(* Let $A\in\mathbb{R}^{n\times n}$ be a lower Hessenberg invertible M-matrix. Define the Gauss--Seidel splitting $M_{GS}=\operatorname{tril}(A)$, $N_{GS}=M_{GS}-A$, $P_{GS}=M_{GS}^{-1}N_{GS}$; the anti-Gauss--Seidel splitting $M_{AGS}=\operatorname{triu}(A)$, $N_{AGS}=M_{AGS}-A$, $P_{AGS}=M_{AGS}^{-1}N_{AGS}$; and, for $S$ the stair matrix of first order or of second order generated by $A$, the staircase splitting $M_S=S$, $N_S=M_S-A$, $P_S=M_S^{-1}N_S$. Then \[ \rho(P_{GS}) \geq \rho(P_S) \geq \rho(P_{AGS}). \]
   Context: $A$ is lower Hessenberg if $A_{ij}=0$ whenever $j>i+1$. $\operatorname{tril}(A)$ (resp. $\operatorname{triu}(A)$) is the lower (resp. upper) triangular part of $A$ including the diagonal. Let $\operatorname{tridiag}(A)$ be the tridiagonal matrix keeping the subdiagonal, diagonal and superdiagonal entries of $A$ and zeroing the rest. The stair matrix of first order generated by $A$ is obtained from $\operatorname{tridiag}(A)$ by setting the entries $(i,i-1)$ and $(i,i+1)$ (when they exist) to zero for every odd $i$; the stair matrix of second order is obtained from $\operatorname{tridiag}(A)$ by setting the entries $(i,i-1)$ and $(i,i+1)$ (when they exist) to zero for every even $i$. $\rho(\cdot)$ denotes the spectral radius. *)

From HB Require Import structures.
From mathcomp Require Import all_boot all_order all_algebra.
From mathcomp Require Import boolp classical_sets reals complex.
Set Implicit Arguments. Unset Strict Implicit. Unset Printing Implicit Defensive.
Import Order.TTheory GRing.Theory Num.Theory.
Local Open Scope ring_scope.
Local Open Scope classical_set_scope.

Section Defs.
Variable R : realType.
Variable n : nat.
Implicit Types A B : 'M[R]_n.

Definition spectrum A : set R[i] :=
  [set z | eigenvalue (map_mx (real_complex R) A) z].

Definition spectral_radius A : R :=
  sup [set Normc.normc z | z in spectrum A].

Definition nonneg_mx B : Prop := forall i j, 0 <= B i j.

Definition invertible_Mmatrix A : Prop :=
  exists (s : R) (B : 'M[R]_n),
    nonneg_mx B /\ spectral_radius B < s /\ A = s%:M - B.

Definition lower_hessenberg A : Prop :=
  forall i j : 'I_n, (i.+1 < j)%N -> A i j = 0.

Definition tril A : 'M[R]_n := \matrix_(i, j) (if (j <= i)%N then A i j else 0).
Definition triu A : 'M[R]_n := \matrix_(i, j) (if (i <= j)%N then A i j else 0).

Definition tridiag_pos (i j : nat) : bool := [|| i == j, i == j.+1 | j == i.+1].

(* The paper indexes rows from 1; row (0-based) i is the
   paper's row i+1.  First order: off-diagonal entries zeroed in rows with
   odd 1-based index, i.e. kept only in rows with odd 0-based index.
   Second order: off-diagonal entries zeroed in rows with even 1-based index,
   i.e. kept only in rows with even 0-based index. *)
Definition stair1 A : 'M[R]_n :=
  \matrix_(i, j) (if (i == j :> nat) || (tridiag_pos i j && odd i) then A i j else 0).
Definition stair2 A : 'M[R]_n :=
  \matrix_(i, j) (if (i == j :> nat) || (tridiag_pos i j && ~~ odd i) then A i j else 0).

Definition iter_mx (M A : 'M[R]_n) : 'M[R]_n := invmx M *m (M - A).

End Defs.

(* Write A = s I - B with B >= 0 and s > rho(B). Then A is a Z-matrix with a
   positive row vector y such that y A > 0 (A is semipositive). Each splitting
   A = M - N of the theorem keeps the diagonal of A in M, so M is a Z-matrix
   and N >= 0, and rho(M^-1 N) is controlled by the pencil c M - N:
   - if c M - N is semipositive, every generalized eigenvalue z (u N = z u M)
     has |z| <= c, since |u| (|z| M - N) <= 0 while |z| M - N is again a
     semipositive, hence monotone, Z-matrix;
   - if rho(M^-1 N) < c <= 1, the certificate of 1 M - N = A continues to one
     of c M - N: t M - N stays nonsingular on [c, 1], and the column sums of
     its inverse, rational in t, cannot leave the positive orthant, because
     wherever they are >= 0 they certify semipositivity, which forces > 0.
   The entries of c M - N are c^[A_ij is kept in M] A_ij. For A lower
   Hessenberg and c <= 1, reweighting a certificate of the Gauss-Seidel pencil
   by the diagonal c^(i/2) (or c^((i+1)/2)) yields one of a staircase pencil,
   and likewise from a staircase pencil to the anti-Gauss-Seidel one; so each
   spectral radius in the chain is at most the previous one. *)

From mathcomp Require Import all_boot all_order all_algebra.
From mathcomp Require Import classical_sets reals complex.
From mathcomp Require Import polyrcf ring lra zify.
Import Order.TTheory GRing.Theory Num.Theory.
Set Implicit Arguments. Unset Strict Implicit. Unset Printing Implicit Defensive.
Local Open Scope ring_scope.

Definition invmx_colsum (F : comUnitRingType) (n : nat) (Z : 'M[F]_n) :
  'rV[F]_n := const_mx 1 *m invmx Z.

Lemma invmx_colsumK (F : comUnitRingType) (n : nat) (Z : 'M[F]_n) :
  Z \in unitmx -> invmx_colsum Z *m Z = const_mx 1.
Proof. by move=> Zu; rewrite -mulmxA mulVmx ?mulmx1. Qed.

Section Zmatrices.
Variables (R : realFieldType) (n : nat).
Implicit Types (Z : 'M[R]_n) (v y : 'rV[R]_n).

Definition Zmatrix Z := forall i j, i != j -> Z i j <= 0.
Definition pos_rv v := forall j, 0 < v 0 j.
Definition semipositive Z := exists2 y, pos_rv y & pos_rv (y *m Z).

Lemma semipos_Zmatrix_monotone Z v : Zmatrix Z -> semipositive Z ->
  (forall j, 0 <= (v *m Z) 0 j) -> forall i, 0 <= v 0 i.
Proof.
move=> ZZ [y y_gt0 yZ_gt0] vZ_ge0 i0.
have [j _ j_min] := arg_minP (fun i => v 0 i / y 0 i) (isT : predT i0).
set m := v 0 j / y 0 j.
have le_my i : m * y 0 i <= v 0 i by rewrite -ler_pdivlMr //; apply: j_min.
have eq_my : v 0 j = m * y 0 j by rewrite /m divfK // gt_eqF.
suff m_ge0 : 0 <= m by apply: le_trans (le_my i0); rewrite mulr_ge0 // ltW.
rewrite -(pmulr_rge0 _ (yZ_gt0 j)) mulrC; apply: le_trans (vZ_ge0 j) _.
rewrite !mxE mulr_sumr; apply: ler_sum => i _; rewrite mulrA.
have [->|ij] := eqVneq i j; first by rewrite eq_my.
by rewrite ler_wnM2r // ZZ.
Qed.

Lemma Zmatrix_pos_rv Z v : Zmatrix Z -> (forall i, 0 <= v 0 i) ->
  pos_rv (v *m Z) -> pos_rv v.
Proof.
move=> ZZ v_ge0 vZ_gt0 j; rewrite lt_def v_ge0 andbT; apply/eqP => vj0.
have := vZ_gt0 j; rewrite mxE (bigD1 j) //= vj0 mul0r add0r ltNge.
by rewrite sumr_le0 // => i ij; rewrite mulr_ge0_le0 // ZZ.
Qed.

Lemma semipos_Zmatrix_unit Z : Zmatrix Z -> semipositive Z -> Z \in unitmx.
Proof.
move=> ZZ semiZ; rewrite unitmxE unitfE; apply/negP => /det0P [u u_neq0 uZ0].
have ge0 v : v *m Z = 0 -> forall i, 0 <= v 0 i.
  by move=> vZ0; apply: (semipos_Zmatrix_monotone ZZ semiZ) => j; rewrite vZ0 mxE.
have Nu_ge0 : forall i, 0 <= (- u) 0 i by apply: ge0; rewrite mulNmx uZ0 oppr0.
move/negP: u_neq0; apply; apply/eqP/rowP => i; apply/eqP.
by have := Nu_ge0 i; rewrite !mxE oppr_ge0 eq_le => ->; rewrite ge0.
Qed.

Lemma semipos_Zmatrix_invmx_colsum_gt0 Z : Zmatrix Z -> semipositive Z ->
  pos_rv (invmx_colsum Z).
Proof.
move=> ZZ semiZ; have wZ := invmx_colsumK (semipos_Zmatrix_unit ZZ semiZ).
apply: (Zmatrix_pos_rv ZZ); last by move=> j; rewrite wZ mxE ltr01.
by apply: (semipos_Zmatrix_monotone ZZ semiZ) => j; rewrite wZ mxE ler01.
Qed.

Lemma Zmatrix_invmx_colsum_ge0_semipos Z : Zmatrix Z -> Z \in unitmx ->
  (forall i, 0 <= invmx_colsum Z 0 i) -> semipositive Z.
Proof.
move=> ZZ Zu w_ge0; have wZ_gt0 : pos_rv (invmx_colsum Z *m Z).
  by move=> j; rewrite invmx_colsumK // mxE ltr01.
by exists (invmx_colsum Z) => //; apply: (Zmatrix_pos_rv ZZ).
Qed.

Lemma semipositive_diag_scale Z1 Z2 (e : 'I_n -> R) : semipositive Z1 ->
  (forall i, 0 < e i) -> (forall i j, e j * Z1 i j <= e i * Z2 i j) ->
  semipositive Z2.
Proof.
move=> [y y_gt0 yZ1_gt0] e_gt0 le_Z12; exists (\row_i (y 0 i * e i)).
  by move=> i; rewrite mxE mulr_gt0.
move=> j; apply: lt_le_trans (_ : 0 < e j * (y *m Z1) 0 j) _.
  exact: mulr_gt0.
rewrite !mxE mulr_sumr; apply: ler_sum => i _; rewrite mxE mulrCA -mulrA.
by apply: ler_wpM2l; [exact: ltW | exact: le_Z12].
Qed.

End Zmatrices.

Section Pencil.
Variables (R : realFieldType) (n : nat) (M N : 'M[R]_n).
Hypotheses (ZM : Zmatrix M) (N_ge0 : forall i j, 0 <= N i j).

Lemma pencil_Zmatrix t : 0 <= t -> Zmatrix (t *: M - N).
Proof.
move=> t_ge0 i j ij; rewrite !mxE subr_le0.
by apply: le_trans (N_ge0 i j); rewrite mulr_ge0_le0 // ZM.
Qed.

Lemma pencil_pos_rv_mulM t y : 0 < t -> pos_rv y ->
  pos_rv (y *m (t *: M - N)) -> pos_rv (y *m M).
Proof.
move=> t_gt0 y_gt0 yZ_gt0 j.
have yN_ge0 : 0 <= (y *m N) 0 j.
  by rewrite mxE sumr_ge0 // => i _; rewrite mulr_ge0 // ltW.
have := yZ_gt0 j; rewrite mulmxBr -scalemxAr.
move: (y *m M) (y *m N) yN_ge0 => yM yN yN_ge0; rewrite !mxE => yZj.
by rewrite -(pmulr_rgt0 _ t_gt0); lra.
Qed.

Lemma pencil_semipos_unit t : 0 < t -> semipositive (t *: M - N) -> M \in unitmx.
Proof.
move=> t_gt0 [y y_gt0 yZ_gt0]; apply: (semipos_Zmatrix_unit ZM).
by exists y => //; apply: pencil_pos_rv_mulM yZ_gt0.
Qed.

Lemma pencil_semipos_ge a b : 0 < a -> a <= b ->
  semipositive (a *: M - N) -> semipositive (b *: M - N).
Proof.
move=> a_gt0 le_ab [y y_gt0 yZ_gt0]; exists y => // j.
have := pencil_pos_rv_mulM a_gt0 y_gt0 yZ_gt0 j; have := yZ_gt0 j.
rewrite !mulmxBr -!scalemxAr; move: (y *m M) (y *m N) => yM yN.
rewrite !mxE => yZj yMj.
have : 0 <= (b - a) * yM 0 j by rewrite mulr_ge0 ?subr_ge0 // ltW.
lra.
Qed.

End Pencil.

Section ComplexEigenvalues.
Variables (R : rcfType) (n : nat).
Local Notation normc := (@Normc.normc R).
Local Open Scope complex_scope.

Lemma normc_ge0 (x : R[i]) : 0 <= normc x.
Proof. exact: (@normr_ge0 _ (Rcomplex R)). Qed.

Lemma normc_real (r : R) : normc r%:C = `|r|.
Proof. by rewrite /Normc.normc /= expr0n /= addr0 sqrtr_sqr. Qed.

Lemma normc_sum (I : Type) (s : seq I) (P : pred I) (F : I -> R[i]) :
  normc (\sum_(i <- s | P i) F i) <= \sum_(i <- s | P i) normc (F i).
Proof. exact: (@ler_norm_sum _ (Rcomplex R)). Qed.

Variables (M N : 'M[R]_n).
Hypotheses (ZM : Zmatrix M) (N_ge0 : forall i j, 0 <= N i j).

Lemma pencil_eigen_normc_le0 (u : 'rV[R[i]]_n) z :
  u *m map_mx (real_complex R) N = z *: (u *m map_mx (real_complex R) M) ->
  forall j, ((\row_i normc (u 0 i)) *m (normc z *: M - N)) 0 j <= 0.
Proof.
move=> eig j; set r := normc z.
have col_j : z * (u 0 j * (M j j)%:C) =
    \sum_i u 0 i * (N i j)%:C - z * \sum_(i | i != j) u 0 i * (M i j)%:C.
  have /matrixP/(_ 0 j) := eig; rewrite !mxE.
  under eq_bigr do rewrite mxE.
  under [in RHS]eq_bigr do rewrite mxE.
  by move=> ->; rewrite (bigD1 j) //= mulrDr addrK.
have normN : normc (\sum_i u 0 i * (N i j)%:C) <= \sum_i normc (u 0 i) * N i j.
  apply: le_trans (normc_sum _ _ _) _; apply: ler_sum => i _.
  by rewrite Normc.normcM normc_real ger0_norm.
have normM : normc (\sum_(i | i != j) u 0 i * (M i j)%:C) <=
    - \sum_(i | i != j) normc (u 0 i) * M i j.
  rewrite -sumrN; apply: le_trans (normc_sum _ _ _) _; apply: ler_sum => i ij.
  by rewrite Normc.normcM normc_real ler0_norm ?ZM // mulrN.
have key : r * (normc (u 0 j) * M j j) <=
    \sum_i normc (u 0 i) * N i j - r * \sum_(i | i != j) normc (u 0 i) * M i j.
  apply: le_trans (_ : r * (normc (u 0 j) * `|M j j|) <= _).
    by rewrite ler_wpM2l ?normc_ge0 // ler_wpM2l ?normc_ge0 // ler_norm.
  rewrite /r -normc_real -!Normc.normcM col_j; apply: le_trans (le_normcD _ _) _.
  rewrite normcN Normc.normcM -mulrN; apply: lerD => //.
  by rewrite ler_wpM2l ?normc_ge0.
rewrite mxE; under eq_bigr do rewrite !mxE mulrBr mulrCA.
rewrite sumrB -mulr_sumr (bigD1 j) //= mulrDr; lra.
Qed.

Lemma pencil_eigen_normc_le (u : 'rV[R[i]]_n) z c :
  0 < c -> semipositive (c *: M - N) -> u != 0 ->
  u *m map_mx (real_complex R) N = z *: (u *m map_mx (real_complex R) M) ->
  normc z <= c.
Proof.
move=> c_gt0 semi_c u_neq0 eig; rewrite leNgt; apply/negP => c_lt_r.
have ZZ := pencil_Zmatrix ZM N_ge0 (ltW (lt_trans c_gt0 c_lt_r)).
have semi_r := pencil_semipos_ge N_ge0 c_gt0 (ltW c_lt_r) semi_c.
have nu_le0 : forall i, 0 <= (- \row_i normc (u 0 i)) 0 i.
  apply: (semipos_Zmatrix_monotone ZZ semi_r) => j.
  by rewrite mulNmx mxE oppr_ge0 pencil_eigen_normc_le0.
case/rV0Pn: u_neq0 => i; apply/negP; rewrite negbK; apply/eqP/Normc.eq0_normc.
have := nu_le0 i; rewrite !mxE oppr_ge0 => nu_i_le0.
by apply/eqP; rewrite eq_le nu_i_le0 normc_ge0.
Qed.

End ComplexEigenvalues.

Section PolynomialContinuation.
Variable R : rcfType.

Lemma polys_gt0_continuation (I : finType) (f : I -> {poly R}) (a b : R) :
  a <= b -> (forall i, 0 < (f i).[b]) ->
  (forall t, a <= t <= b ->
     (forall i, 0 <= (f i).[t]) -> forall i, 0 < (f i).[t]) ->
  forall i, 0 < (f i).[a].
Proof.
move=> le_ab f_b_gt0 f_gt0_closed.
pose Q := \prod_i f i.
have Q_b_gt0 : 0 < Q.[b] by rewrite horner_prod prodr_gt0.
have Q_neq0 : Q != 0 by apply: contraTneq Q_b_gt0 => ->; rewrite horner0 ltxx.
(* [t] is the largest root of [Q] in [`]a, b[], or [a] if there is none. *)
have := prev_root_in Q a b; rewrite (min_l le_ab) in_itv /= => t_in.
set t := prev_root Q a b in t_in *.
have f_t_ge0 i : 0 <= (f i).[t].
  rewrite leNgt; apply/negP => f_t_lt0; case/andP: t_in => _ le_tb.
  have sign_change : (f i).[t] <= 0 <= (f i).[b] by rewrite !ltW.
  have [x /andP[le_tx le_xb] f_x] := poly_ivt le_tb sign_change.
  have x_in : x \in `]t, b[.
    rewrite in_itv /= !lt_neqAle le_tx le_xb !andbT.
    apply/andP; split.
      by apply: contraTneq f_x => <-; rewrite rootE lt_eqF.
    by apply: contraTneq f_x => ->; rewrite rootE gt_eqF.
  have /negP := prev_noroot x_in; apply.
  by rewrite rootE horner_prod; apply/prodf_eq0; exists i => //; apply/eqP.
have f_t_gt0 := f_gt0_closed t t_in f_t_ge0.
suff <- : t = a by [].
have : 0 < Q.[t] by rewrite horner_prod prodr_gt0.
rewrite /t; case: prev_rootP => [Q0 | y _ -> _ _ | c _ -> _ _].
- by rewrite Q0 eqxx in Q_neq0.
- by rewrite ltxx.
- by rewrite (min_l le_ab).
Qed.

· · · · ·

• _TASK_
Print the lines above from the one with "(* [t] is the" through the one with "have /negP := prev_noroot x_in; apply.", both included, exactly as written and nothing more.

• _FINISHED EXERCISE_
(* [t] is the largest root of [Q] in [`]a, b[], or [a] if there is none. *)
have := prev_root_in Q a b; rewrite (min_l le_ab) in_itv /= => t_in.
set t := prev_root Q a b in t_in *.
have f_t_ge0 i : 0 <= (f i).[t].
  rewrite leNgt; apply/negP => f_t_lt0; case/andP: t_in => _ le_tb.
  have sign_change : (f i).[t] <= 0 <= (f i).[b] by rewrite !ltW.
  have [x /andP[le_tx le_xb] f_x] := poly_ivt le_tb sign_change.
  have x_in : x \in `]t, b[.
    rewrite in_itv /= !lt_neqAle le_tx le_xb !andbT.
    apply/andP; split.
      by apply: contraTneq f_x => <-; rewrite rootE lt_eqF.
    by apply: contraTneq f_x => ->; rewrite rootE gt_eqF.
  have /negP := prev_noroot x_in; apply.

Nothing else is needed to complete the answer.